_What is required:_ The data is to be set down once more, exactly as it reads.
::::
(* Consider the mixed CAC game (defined in the context) with $\mathcal V_c\neq\emptyset$ and $\mathcal V_a\neq\emptyset$. (1) If $x^*\in\mathcal X$ is a Nash equilibrium, then, writing $z^*=z(x^* )$, $z_c^*=z_c(x^* )$, $z_a^*=z_a(x^* )$, the following hold for every $\epsilon_c\in(0,\tfrac1n]$ and every $\epsilon_a\in(\tfrac1n,\tfrac2n]$: $$ \begin{cases} z_c^*=F_c\!\left(\frac{n}{n-1}(z^*-\epsilon_c)\right),\\[2pt] G_a\!\left(\frac{n}{n-1}(z^*-\epsilon_a)\right)\ \ge\ z_a^*\ \ge\ G_a\!\left(\frac{n}{n-1}z^*\right),\\[2pt] z^*=\alpha z_c^*+(1-\alpha)z_a^*. \end{cases} $$ (2) Conversely, if $z^*\in\{0,\tfrac1n,\dots,1\}$, $z_c^*\in\{0,\tfrac1{n_c},\dots,1\}$ and $z_a^*\in\{0,\tfrac1{n_a},\dots,1\}$ satisfy the three conditions above for every $\epsilon_c\in(0,\tfrac1n]$ and every $\epsilon_a\in(\tfrac1n,\tfrac2n]$, then there exists a Nash equilibrium $x^*\in\mathcal X$ with $z(x^* )=z^*$, $z_c(x^* )=z_c^*$ and $z_a(x^* )=z_a^*$.
   Context: Let $\mathcal V$ be a finite set of $n\ge 2$ agents, partitioned into disjoint sets $\mathcal V_c$ (coordinating agents) and $\mathcal V_a$ (anti-coordinating agents), $\mathcal V=\mathcal V_c\cup\mathcal V_a$. Set $\delta_i=+1$ if $i\in\mathcal V_c$ and $\delta_i=-1$ if $i\in\mathcal V_a$. Given real weights $d_i$ ($i\in\mathcal V$), the mixed coordination/anti-coordination (CAC) game has action set $\{-1,+1\}$ for every agent, configuration space $\mathcal X=\{-1,+1\}^{\mathcal V}$, and utilities $u_i(x)=\delta_i\big(\sum_{j\neq i}x_ix_j-d_ix_i\big)$. A (pure) Nash equilibrium is an $x\in\mathcal X$ such that $u_i(x)\ge u_i(y_i,x_{-i})$ for every $i\in\mathcal V$ and $y_i\in\{-1,+1\}$. The threshold of agent $i$ is $r_i=\tfrac12+\tfrac{d_i}{2(n-1)}$. Let $n_c=|\mathcal V_c|$, $n_a=|\mathcal V_a|$, $\alpha=n_c/n$. For $x\in\mathcal X$ let $z(x)=\frac1n|\{i\in\mathcal V: x_i=+1\}|$, $z_c(x)=\frac1{n_c}|\{i\in\mathcal V_c: x_i=+1\}|$, $z_a(x)=\frac1{n_a}|\{i\in\mathcal V_a: x_i=+1\}|$. Define $F_c(t)=\frac1{n_c}|\{i\in\mathcal V_c: r_i\le t\}|$ (threshold CDF of coordinating agents) and $G_a(t)=\frac1{n_a}|\{i\in\mathcal V_a: r_i> t\}|$ (threshold complementary CDF of anti-coordinating agents), for $t\in\mathbb R$. *)

From HB Require Import structures.
From mathcomp Require Import all_boot all_order all_algebra.
Set Implicit Arguments. Unset Strict Implicit. Unset Printing Implicit Defensive.
Import Order.TTheory GRing.Theory Num.Theory.
Local Open Scope ring_scope.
::::
_Your solution:_
(* Consider the mixed CAC game (defined in the context) with $\mathcal V_c\neq\emptyset$ and $\mathcal V_a\neq\emptyset$. (1) If $x^*\in\mathcal X$ is a Nash equilibrium, then, writing $z^*=z(x^* )$, $z_c^*=z_c(x^* )$, $z_a^*=z_a(x^* )$, the following hold for every $\epsilon_c\in(0,\tfrac1n]$ and every $\epsilon_a\in(\tfrac1n,\tfrac2n]$: $$ \begin{cases} z_c^*=F_c\!\left(\frac{n}{n-1}(z^*-\epsilon_c)\right),\\[2pt] G_a\!\left(\frac{n}{n-1}(z^*-\epsilon_a)\right)\ \ge\ z_a^*\ \ge\ G_a\!\left(\frac{n}{n-1}z^*\right),\\[2pt] z^*=\alpha z_c^*+(1-\alpha)z_a^*. \end{cases} $$ (2) Conversely, if $z^*\in\{0,\tfrac1n,\dots,1\}$, $z_c^*\in\{0,\tfrac1{n_c},\dots,1\}$ and $z_a^*\in\{0,\tfrac1{n_a},\dots,1\}$ satisfy the three conditions above for every $\epsilon_c\in(0,\tfrac1n]$ and every $\epsilon_a\in(\tfrac1n,\tfrac2n]$, then there exists a Nash equilibrium $x^*\in\mathcal X$ with $z(x^* )=z^*$, $z_c(x^* )=z_c^*$ and $z_a(x^* )=z_a^*$.
   Context: Let $\mathcal V$ be a finite set of $n\ge 2$ agents, partitioned into disjoint sets $\mathcal V_c$ (coordinating agents) and $\mathcal V_a$ (anti-coordinating agents), $\mathcal V=\mathcal V_c\cup\mathcal V_a$. Set $\delta_i=+1$ if $i\in\mathcal V_c$ and $\delta_i=-1$ if $i\in\mathcal V_a$. Given real weights $d_i$ ($i\in\mathcal V$), the mixed coordination/anti-coordination (CAC) game has action set $\{-1,+1\}$ for every agent, configuration space $\mathcal X=\{-1,+1\}^{\mathcal V}$, and utilities $u_i(x)=\delta_i\big(\sum_{j\neq i}x_ix_j-d_ix_i\big)$. A (pure) Nash equilibrium is an $x\in\mathcal X$ such that $u_i(x)\ge u_i(y_i,x_{-i})$ for every $i\in\mathcal V$ and $y_i\in\{-1,+1\}$. The threshold of agent $i$ is $r_i=\tfrac12+\tfrac{d_i}{2(n-1)}$. Let $n_c=|\mathcal V_c|$, $n_a=|\mathcal V_a|$, $\alpha=n_c/n$. For $x\in\mathcal X$ let $z(x)=\frac1n|\{i\in\mathcal V: x_i=+1\}|$, $z_c(x)=\frac1{n_c}|\{i\in\mathcal V_c: x_i=+1\}|$, $z_a(x)=\frac1{n_a}|\{i\in\mathcal V_a: x_i=+1\}|$. Define $F_c(t)=\frac1{n_c}|\{i\in\mathcal V_c: r_i\le t\}|$ (threshold CDF of coordinating agents) and $G_a(t)=\frac1{n_a}|\{i\in\mathcal V_a: r_i> t\}|$ (threshold complementary CDF of anti-coordinating agents), for $t\in\mathbb R$. *)

From HB Require Import structures.
From mathcomp Require Import all_boot all_order all_algebra.
Set Implicit Arguments. Unset Strict Implicit. Unset Printing Implicit Defensive.
Import Order.TTheory GRing.Theory Num.Theory.
Local Open Scope ring_scope.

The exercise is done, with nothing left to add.